The DRIAS2020 dataset consists of 42 climate simulations, 12 simulations for the past period (before 2005) and for the future period (2006-2100) respectively 8, 10 and 12 climate projections for the scenarios RCP2.6, RCP4.5 and RCP8.5. The simulations are carried out using regional climate models (RCM) implemented at a resolution of 0.11° (EUR11, about 12km) over the same domain covering Europe. They are controlled at their edges by global climate models (GCM, for General Climate Model) of the CMIP5 programme.

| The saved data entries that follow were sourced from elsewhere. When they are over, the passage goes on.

(* Let $X$ be a non-empty finite set and $\mathcal{P}$ a partition of $X$ with distinct block sizes $l_1<\cdots<l_r$. Let $U$ be a set containing one element of $\mathcal{B}_i$ for each $i\le r-1$, and one element of $\mathcal{C}_i$ for each $i\in\{1,\ldots,r\}$ such that either $i=1$ and $l_1\ge 2$, or $i\ge 2$ and $l_i-l_{i-1}\ge 2$. Then $\Sigma(X,\mathcal{P})$ is generated as a semigroup by $S(X,\mathcal{P})\cup U$.
   Context: $T(X,\mathcal{P})$ is the semigroup (under composition) of maps $f:X\to X$ mapping each block of $\mathcal{P}$ into some block; $S(X,\mathcal{P})$ is its group of units; $\Sigma(X,\mathcal{P})$ is the set of $f\in T(X,\mathcal{P})$ whose image intersects every block. For $i\le r-1$, $\mathcal{B}_i$ is the set of $f\in\Sigma(X,\mathcal{P})$ for which there are blocks $P_j,P_{j'},P_k,P_{k'}$ (possibly $j=j'$ or $k=k'$) with $|P_j|=|P_{j'}|=l_i$, $|P_k|=|P_{k'}|=l_{i+1}$, such that $f$ maps $P_j$ injectively into $P_k$, maps $P_{k'}$ onto $P_{j'}$, and maps every other block bijectively onto a block of the same size. For $i\le r$, $\mathcal{C}_i$ is the set of $f\in\Sigma(X,\mathcal{P})$ mapping each block into a block of the same size, such that one block of size $l_i$ has image of size $l_i-1$ and all other blocks are mapped injectively. *)

From mathcomp Require Import all_boot.
Set Implicit Arguments. Unset Strict Implicit. Unset Printing Implicit Defensive.

Section Defs.
Variable X : finType.
Implicit Types (P : {set {set X}}) (f g : {ffun X -> X}).

Definition fcomp f g : {ffun X -> X} := [ffun x => f (g x)].
Definition fid : {ffun X -> X} := [ffun x => x].

(* the distinct block sizes, in increasing order: l_1 < ... < l_r is
   (sizes P)`_0 < ... < (sizes P)`_(r-1), r = size (sizes P) *)
Definition sizes P : seq nat := sort leq (undup [seq #|B| | B : {set X} in P]).
Definition l P (i : nat) : nat := nth 0 (sizes P) i.
Definition nsizes P : nat := size (sizes P).

Definition inT P f : Prop :=
  forall A, A \in P -> exists2 B, B \in P & f @: A \subset B.

Definition inS P f : Prop :=
  inT P f /\ exists g, [/\ inT P g, fcomp f g = fid & fcomp g f = fid].

Definition inSigma P f : Prop :=
  inT P f /\ forall B, B \in P -> (f @: [set: X]) :&: B != set0.

(* B_i (0-indexed: sizes l P i and l P i.+1) *)
Definition inB P i f : Prop :=
  inSigma P f /\
  exists Pj Pj' Pk Pk',
    [/\ [/\ Pj \in P, Pj' \in P, Pk \in P & Pk' \in P],
        [/\ #|Pj| = l P i, #|Pj'| = l P i, #|Pk| = l P i.+1 & #|Pk'| = l P i.+1],
        {in Pj &, injective f} /\ f @: Pj \subset Pk,
        f @: Pk' = Pj' &
        forall B, B \in P -> B != Pj -> B != Pk' ->
          exists2 C, C \in P &
            [/\ #|C| = #|B|, f @: B = C & {in B &, injective f}]].

(* C_i (0-indexed: size l P i) *)
Definition inC P i f : Prop :=
  inSigma P f /\
  (forall B, B \in P -> exists2 C, C \in P & #|C| = #|B| /\ f @: B \subset C) /\
  exists2 B0, B0 \in P &
    [/\ #|B0| = l P i, #|f @: B0| = (l P i).-1 &
        forall B, B \in P -> B != B0 -> {in B &, injective f}].

(* condition for C_i to be needed (0-indexed version of
   "i = 1 and l_1 >= 2, or i >= 2 and l_i - l_{i-1} >= 2") *)
Definition Cneeded P i : bool :=
  if i is j.+1 then 2 <= l P i - l P j else 2 <= l P 0.

Inductive gen (G : {ffun X -> X} -> Prop) : {ffun X -> X} -> Prop :=
| gen_base f : G f -> gen G f
| gen_comp f g : gen G f -> gen G g -> gen G (fcomp f g).

End Defs.

From mathcomp Require Import all_boot perm zify.
Set Implicit Arguments. Unset Strict Implicit. Unset Printing Implicit Defensive.

(* A map of Sigma(X,P) permutes the blocks, and the semigroup generated contains
   S(X,P).  First, every idempotent [collapse z w] moving one point inside its
   block is generated: if C_i is required, an element of C_i is such a collapse
   up to permutations; otherwise l_i = l_(i-1) + 1, and an element of B_(i-1)
   corrected by a permutation, composed with itself around a transposition, lies
   in C_i.  Collapses generate every map sending each block into itself, by
   induction on the size of the image.  Second, for blocks A, B with |A| <= |B|
   some generated map sends A injectively into B and B onto A while fixing all
   other points: for consecutive sizes it comes from B_i, in general by
   conjugation.  Together with the block-fixing maps this gives every "swap" of
   two blocks.  Finally, a map of Sigma(X,P) is peeled into swaps and a
   block-fixing map, each swap lowering the number of points sent out of their
   block. *)

Section Maps.
Variable X : finType.
Implicit Types (D : {set X}) (f g k s : {ffun X -> X}).

Lemma fcompE f g x : fcomp f g x = f (g x). Proof. by rewrite ffunE. Qed.
Lemma fidE x : fid X x = x. Proof. by rewrite ffunE. Qed.

Lemma neq_of_card_lt (Y Z : {set X}) : #|Y| < #|Z| -> Y != Z.
Proof. by apply: contraTneq => ->; rewrite ltnn. Qed.

Definition redirect k p m : {ffun X -> X} := [ffun u => if u == p then m else k u].

Lemma redirectE k p m u : u != p -> redirect k p m u = k u.
Proof. by rewrite ffunE => /negbTE ->. Qed.

Lemma imsetD1_collision k D p q : q \in D -> q != p -> k p = k q ->
  k @: (D :\ p) = k @: D.
Proof.
move=> qD qp kpq; apply/setP=> v; apply/imsetP/imsetP => [[u /setD1P[_ uD] ->] | [u uD ->]].
  by exists u.
have [-> | up] := eqVneq u p; first by exists q; rewrite // !inE qp.
by exists u; rewrite // !inE up.
Qed.

Lemma redirect_imset k D p q m : p \in D -> q \in D -> q != p -> k p = k q ->
  redirect k p m @: D = m |: k @: D.
Proof.
move=> pD qD qp kpq; rewrite -(imsetD1_collision qD qp kpq).
apply/setP => v; rewrite in_setU1; apply/imsetP/idP => [[u uD ->] | ].
  have [-> | up] := eqVneq u p; first by rewrite ffunE !eqxx.
  have uDp : u \in D :\ p by rewrite !inE up.
  by rewrite redirectE // imset_f ?orbT.
case/orP => [/eqP -> | /imsetP[u /setD1P[up uD] ->]].
  by exists p; rewrite ?ffunE ?eqxx.
by exists u; rewrite ?redirectE.
Qed.

Definition exchanges (A B : {set X}) (w : {ffun X -> X}) :=
  [/\ {in A, forall u, w u \in B}, {in A &, injective w}, w @: B = A &
      forall u, u \notin A -> u \notin B -> w u = u].

Lemma exchanges_inv_comp (A C : {set X}) f g s : cancel g s -> cancel s g ->
  {in A &, injective f} -> f @: A \subset g @: C -> f @: C = g @: A ->
  (forall u, u \notin A -> u \notin C -> g u = f u) -> exchanges A C (fcomp s f).
Proof.
move=> gK sK finj fAC fCA gf; split.
- move=> u uA; rewrite fcompE.
  have /imsetP[v vC ->] := subsetP fAC _ (imset_f f uA).
  by rewrite gK.
- by move=> u v uA vA; rewrite !fcompE => /(can_inj sK); exact: finj.
- apply/setP=> y; apply/imsetP/idP => [[u uC ->] | yA].
    rewrite fcompE; have /imsetP[v vA ->] : f u \in g @: A by rewrite -fCA imset_f.
    by rewrite gK.
  have /imsetP[u uC fu] : g y \in f @: C by rewrite fCA imset_f.
  by exists u; rewrite // fcompE -fu gK.
- by move=> u uA uC; rewrite fcompE -gf // gK.
Qed.

End Maps.

Section Bijections.
Variable X : finType.
Implicit Types (U V : {set X}) (sU sV : seq X) (i r : X -> X).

Finally, the data is projected on an 8 km resolution grid and corrected for biases using the ADAMONT method (Verfaillie et al. 2017) extended over France (implemented by Météo-France) based on the analysis of SAFRAN observation data (Vidal et al. 2010).

Figure 4.1: Downscaling steps from global to regional modelling to disaggregation at small spatial scales (excerpt from DRIAS2020

For this study, we choose to work with 11 climate projections from the DRIAS2020 data set completed by some projections added for the Explore2 project (Strohmenger, Sauquet, and Thirel, n.d.) forced by RCP 4.5 and 8.5.

The “representative concentration pathways” RCP 4.5 corresponds to a mitigation scenario with a peak of emission by 2040, while the RCP 8.5 corresponds to a “no-policy” scenario with a continuous huge use of fossil fuels (Moss et al. 2010). As shown in Figure 4.2, these 2 emission scenarios are the more likely to happen considering the current trajectory of historical emissions.

Figure 4.2: Global fossil fuel CO2 emissions (left) and total CO2 emissions from fossil fuels and land use (right) for historical observations and RCP, SRES, and IS92 scenarios. Credit: Glen Peters.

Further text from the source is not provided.